(Task directions) In the listing that follows, the lines starting at the one containing "exists l, forall" and ending at the one containing "rewrite (_ : (l" are to be returned exactly, both boundary lines included, and no others.

(The data)
Lemma two_successors T s : is_tree T -> T s ->
  U [set i | T (s `|` [set phi s i])] ->
  exists a b, [/\ (a < b)%N, ~ s a, ~ s b, T (s `|` [set a]) & T (s `|` [set b])].
Proof.
move=> [_ finT _] Ts UA; have fs := finT _ Ts.
have [N sN] := finite_bounded fs.
have [i Ai Ni] := ultra_phi_ge N fs UA.
have [j Aj ij] := ultra_phi_ge (phi s i).+1 fs UA.
exists (phi s i), (phi s j); split => // [/sN|/sN]; rewrite ltnNge.
- by rewrite Ni.
- by rewrite (leq_trans Ni (ltnW ij)).
Qed.

Lemma successor_mem s t x a : t x -> ~ s x ->
  init_seg t (s `|` [set a]) \/ init_seg (s `|` [set a]) t -> t a.
Proof.
move=> tx nsx [/init_seg_sub tsa|/init_seg_sub sat]; last by apply: sat; right.
by case: (tsa x tx) => // <-.
Qed.

Lemma alpha_tree_stem_intro T s : is_tree T -> T s -> comparable_all T s ->
  (forall t, tree_above T s t -> U [set i | T (t `|` [set phi t i])]) ->
  alpha_tree_stem U phi T s.
Proof.
move=> treeT Ts cmps succ.
have ss : init_seg s s by apply: init_seg_refl; case: treeT => _ + _; apply.
split => //; last by exists s.
split => // t Tt cmpt st; apply/seteqP; split; last exact: init_seg_sub.
have [a [b [ab nsa nsb Ta Tb]]] := two_successors treeT Ts (succ _ (conj Ts ss)).
move=> x tx; apply: contrapT => nsx.
have ta := successor_mem tx nsx (cmpt _ Ta).
have nab : a <> b by move=> eab; move: ab; rewrite eab ltnn.
case: (cmpt _ Tb) => [/init_seg_sub/(_ a ta) []//|[i eb]].
rewrite -/(prefix t i) in eb.
have [_ bi] : prefix t i b by rewrite -eb; right.
have : prefix t i a by split => //; apply: ltn_trans ab bi.
by rewrite -eb => -[].
Qed.
(* Let $H$ be a strong symplectic Hilbert space with signature $(\infty,\infty)$ and let $W\subseteq H$ be a maximal positive-definite subspace which is not maximally completely positive-definite. Then $W\cap W^{\perp_s}=0$, and $W\oplus W^{\perp_s}$ is a proper dense subspace of $H$.
   Context: All Hilbert spaces are complex and separable. A strong symplectic structure on a Hilbert space $H$ is a continuous sesquilinear form $[\cdot,\cdot]$ (linear in the first, conjugate-linear in the second variable) with $[y,x]=-\overline{[x,y]}$, non-degenerate, and such that $x\mapsto[\cdot,x]$ maps $H$ onto its dual. For $L\subseteq H$, $L^{\perp_s}=\{x:[x,y]=0\ \forall y\in L\}$. A closed subspace $L\subseteq H$ is maximal positive-definite if $-i[x,x]>0$ for every $0\ne x\in L$ and $L$ is not properly contained in a subspace with the same property; it is maximally completely positive-definite if moreover there is $c_L>0$ with $-i[x,x]\ge c_L\|x\|^2$ for all $x\in L$. If $L$ is maximally completely positive-definite then $H=L\oplus L^{\perp_s}$ and $(n_+,n_-)=(\dim L,\dim L^{\perp_s})$ is independent of $L$; this is the signature of $H$. *)

From HB Require Import structures.
From mathcomp Require Import all_boot all_order all_algebra.
From mathcomp Require Import reals.
From mathcomp Require Import complex.
Set Implicit Arguments. Unset Strict Implicit. Unset Printing Implicit Defensive.
Import Order.TTheory GRing.Theory Num.Theory.
Local Open Scope ring_scope.

(* R[i] is a numClosedFieldType; its order: 0 < z iff z is a positive real.
   'i is the imaginary unit, z^* complex conjugation (Num.conj). *)

Section Hilbert.
Variable R : realType.
Local Notation C := R[i].
Variable V : lmodType C.

Definition hnorm (ip : V -> V -> C) (x : V) : C := sqrtC (ip x x).

Definition is_hilbert (ip : V -> V -> C) : Prop :=
  [/\ (forall a x y z, ip (a *: x + y) z = a * ip x z + ip y z),
      (forall x y, ip y x = (ip x y)^*),
      (forall x, 0 <= ip x x /\ (ip x x = 0 -> x = 0)),
      (forall u : nat -> V,
         (forall e : C, 0 < e -> exists N, forall m n, (N <= m)%N -> (N <= n)%N ->
             hnorm ip (u m - u n) < e) ->
         exists l, forall e : C, 0 < e -> exists N, forall n, (N <= n)%N ->
             hnorm ip (u n - l) < e)
    &
      exists d : nat -> V, forall x (e : C), 0 < e -> exists n, hnorm ip (x - d n) < e].

Definition cont_functional (ip : V -> V -> C) (f : V -> C) : Prop :=
  (forall a x y, f (a *: x + y) = a * f x + f y) /\
  exists M : C, 0 < M /\ forall x, `|f x| <= M * hnorm ip x.

Definition strong_symplectic (ip : V -> V -> C) (w : V -> V -> C) : Prop :=
  [/\ (forall a x y z, w (a *: x + y) z = a * w x z + w y z),
      (forall x y, w y x = - (w x y)^*),
      (exists M : C, 0 < M /\ forall x y, `|w x y| <= M * hnorm ip x * hnorm ip y),
      (forall x, (forall y, w x y = 0) -> x = 0)
    & (forall f, cont_functional ip f -> exists x, forall y, f y = w y x)].

Definition sperp (w : V -> V -> C) (L : V -> Prop) : V -> Prop :=
  fun x => forall y, L y -> w x y = 0.

Definition is_subspace (L : V -> Prop) : Prop :=
  L 0 /\ forall a x y, L x -> L y -> L (a *: x + y).

Definition is_closed_subspace (ip : V -> V -> C) (L : V -> Prop) : Prop :=
  is_subspace L /\
  forall (u : nat -> V) l, (forall n, L (u n)) ->
    (forall e : C, 0 < e -> exists N, forall n, (N <= n)%N -> hnorm ip (u n - l) < e) ->
    L l.
Lemma Mtheta_hhat_entry (j l : 'I_n) :
  Mtheta theta n a^-1 hhat j l = Mtheta theta n c k l (col_shift j) * col_scale j.
Proof.
(* [theta^n] cancels the [theta^-n] hidden in [hhat] and in [col_scale]. *)
apply: (@iter_fmorph_inj _ theta n).
rewrite iter_rmorphM iter_Mtheta_hhat iter_Mtheta_ainv_lfactor /col_scale /=.
have ln := ltn_ord l; have jn := ltn_ord j.
have tn := size_lfactor_leq; rewrite size_h in tn.
case: (ltnP (j + t) n) => jt.
  rewrite modn_small // iterC iter_theta_invK (_ : (l + n <= j + t) = false)%N; last by lia.
  rewrite (@coef_lfactor_gt (j + t + n - l)) ?iter_rmorph0 ?addr0; last by lia.
  case: (leqP l (j + t)) => /= lt; rewrite ?andbT ?andbF ?mul0r //.
  case: (leqP j l) => //= jl; first by rewrite divfK // iter_fmorph_eq0 gamma_neq0.
  by rewrite coef_lfactor_gt ?iter_rmorph0 ?mul0r //; lia.
have -> : ((j + t) %% n = j + t - n)%N.
  by rewrite -{1}(subnK jt) modnDr modn_small //; lia.
rewrite iter_rmorph1 mulr1 addrC.
rewrite (_ : (l + n <= j + t) = (l <= j + t - n))%N; last by lia.
congr (_ + _); rewrite (_ : j + t - n + n - l = j + t - l)%N; last by lia.
case: (leqP j l) => /= jl; first by rewrite ifT //; lia.
by rewrite coef_lfactor_gt ?iter_rmorph0 //; lia.
Qed.
(* Pontryagin extremal of the time-minimal problem
     xdot = y u1, ydot = y u2, u in Om,
   on the time interval [0,T]: (x,y) is the trajectory (Caratheodory solution),
   u a measurable admissible control, (px, py t) the adjoint covector.
   Hamiltonian H = px y u1 + py y u2 ; adjoint equations
     pxdot = -dH/dx = 0 (so px is constant),
     pydot = -dH/dy = -(px u1 + py u2);
   maximum condition a.e., constant nonnegative value of max H
   (time-optimal problem: H = -psi0 >= 0), and psi(t) <> 0. *)
Definition pmp_extremal (Om : set (R * R)) (T : R) (x y : R -> R)
    (u : R -> R * R) (px : R) (py : R -> R) : Prop :=
  0 < T /\
  (forall t, `[0, T]%classic t -> 0 < y t) /\
  (forall t, `[0, T]%classic t -> Om (u t)) /\
  (measurable_fun `[0, T]%classic (fun t => (u t).1) /\
   measurable_fun `[0, T]%classic (fun t => (u t).2)) /\
  (mu.-integrable `[0, T]%classic (fun s => (y s * (u s).1)%:E) /\
   mu.-integrable `[0, T]%classic (fun s => (y s * (u s).2)%:E) /\
   mu.-integrable `[0, T]%classic (fun s => (px * (u s).1 + py s * (u s).2)%:E)) /\
  (forall t, `[0, T]%classic t ->
     (x t)%:E = ((x 0)%:E + \int[mu]_(s in `[0%R, t]%classic) (y s * (u s).1)%:E)%E) /\
  (forall t, `[0, T]%classic t ->
     (y t)%:E = ((y 0)%:E + \int[mu]_(s in `[0%R, t]%classic) (y s * (u s).2)%:E)%E) /\
  (forall t, `[0, T]%classic t ->
     (py t)%:E = ((py 0)%:E -
       \int[mu]_(s in `[0%R, t]%classic) (px * (u s).1 + py s * (u s).2)%:E)%E) /\
  (forall t, `[0, T]%classic t -> (px, py t) <> (0, 0)) /\
  exists h : R, 0 <= h /\
    {ae mu, forall t, `[0, T]%classic t ->
       (forall v, Om v -> y t * dotp (px, py t) v <= y t * dotp (px, py t) (u t))
       /\ y t * dotp (px, py t) (u t) = h}.

(* (h) horizontal geodesic: the trajectory lies on lam * rot_{s90}(bd Om°)
   translated horizontally by c, and moves clockwise if s = 1 (rotation by
   +90), counterclockwise if s = -1 (rotation by -90), around (c,0). *)
Definition horizontal_geodesic (Om : set (R * R)) (T : R) (x y : R -> R)
    (u : R -> R * R) : Prop :=
  exists s : R, (s = 1 \/ s = -1) /\
  exists lam c : R, 0 < lam /\
    (forall t, `[0, T]%classic t -> exists w, bd (polar_set Om) w /\
        (x t - c, y t) = (lam * (rot90 s w).1, lam * (rot90 s w).2)) /\
    {ae mu, forall t, `[0, T]%classic t ->
        s * cross (x t - c, y t) (y t * (u t).1, y t * (u t).2) < 0}.

Definition vertical_up_geodesic (Om : set (R * R)) (T : R) (x y : R -> R)
    (u : R -> R * R) : Prop :=
  exists m : R, (forall v, Om v -> v.2 <= m) /\
    {ae mu, forall t, `[0, T]%classic t -> (u t).2 = m} /\
    (forall t, `[0, T]%classic t ->
       y t = y 0 * expR (m * t) /\
       (x t)%:E = ((x 0)%:E + (y 0)%:E *
                   \int[mu]_(s in `[0%R, t]%classic) (expR (m * s) * (u s).1)%:E)%E).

(Written answer)
         exists l, forall e : C, 0 < e -> exists N, forall n, (N <= n)%N ->
             hnorm ip (u n - l) < e)
    &
      exists d : nat -> V, forall x (e : C), 0 < e -> exists n, hnorm ip (x - d n) < e].

Definition cont_functional (ip : V -> V -> C) (f : V -> C) : Prop :=
  (forall a x y, f (a *: x + y) = a * f x + f y) /\
  exists M : C, 0 < M /\ forall x, `|f x| <= M * hnorm ip x.

Definition strong_symplectic (ip : V -> V -> C) (w : V -> V -> C) : Prop :=
  [/\ (forall a x y z, w (a *: x + y) z = a * w x z + w y z),
      (forall x y, w y x = - (w x y)^*),
      (exists M : C, 0 < M /\ forall x y, `|w x y| <= M * hnorm ip x * hnorm ip y),
      (forall x, (forall y, w x y = 0) -> x = 0)
    & (forall f, cont_functional ip f -> exists x, forall y, f y = w y x)].

Definition sperp (w : V -> V -> C) (L : V -> Prop) : V -> Prop :=
  fun x => forall y, L y -> w x y = 0.

Definition is_subspace (L : V -> Prop) : Prop :=
  L 0 /\ forall a x y, L x -> L y -> L (a *: x + y).

Definition is_closed_subspace (ip : V -> V -> C) (L : V -> Prop) : Prop :=
  is_subspace L /\
  forall (u : nat -> V) l, (forall n, L (u n)) ->
    (forall e : C, 0 < e -> exists N, forall n, (N <= n)%N -> hnorm ip (u n - l) < e) ->
    L l.
Lemma Mtheta_hhat_entry (j l : 'I_n) :
  Mtheta theta n a^-1 hhat j l = Mtheta theta n c k l (col_shift j) * col_scale j.
Proof.
(* [theta^n] cancels the [theta^-n] hidden in [hhat] and in [col_scale]. *)
apply: (@iter_fmorph_inj _ theta n).
rewrite iter_rmorphM iter_Mtheta_hhat iter_Mtheta_ainv_lfactor /col_scale /=.
have ln := ltn_ord l; have jn := ltn_ord j.
have tn := size_lfactor_leq; rewrite size_h in tn.
case: (ltnP (j + t) n) => jt.
  rewrite modn_small // iterC iter_theta_invK (_ : (l + n <= j + t) = false)%N; last by lia.
  rewrite (@coef_lfactor_gt (j + t + n - l)) ?iter_rmorph0 ?addr0; last by lia.
  case: (leqP l (j + t)) => /= lt; rewrite ?andbT ?andbF ?mul0r //.
  case: (leqP j l) => //= jl; first by rewrite divfK // iter_fmorph_eq0 gamma_neq0.
  by rewrite coef_lfactor_gt ?iter_rmorph0 ?mul0r //; lia.
have -> : ((j + t) %% n = j + t - n)%N.
  by rewrite -{1}(subnK jt) modnDr modn_small //; lia.
rewrite iter_rmorph1 mulr1 addrC.
rewrite (_ : (l + n <= j + t) = (l <= j + t - n))%N; last by lia.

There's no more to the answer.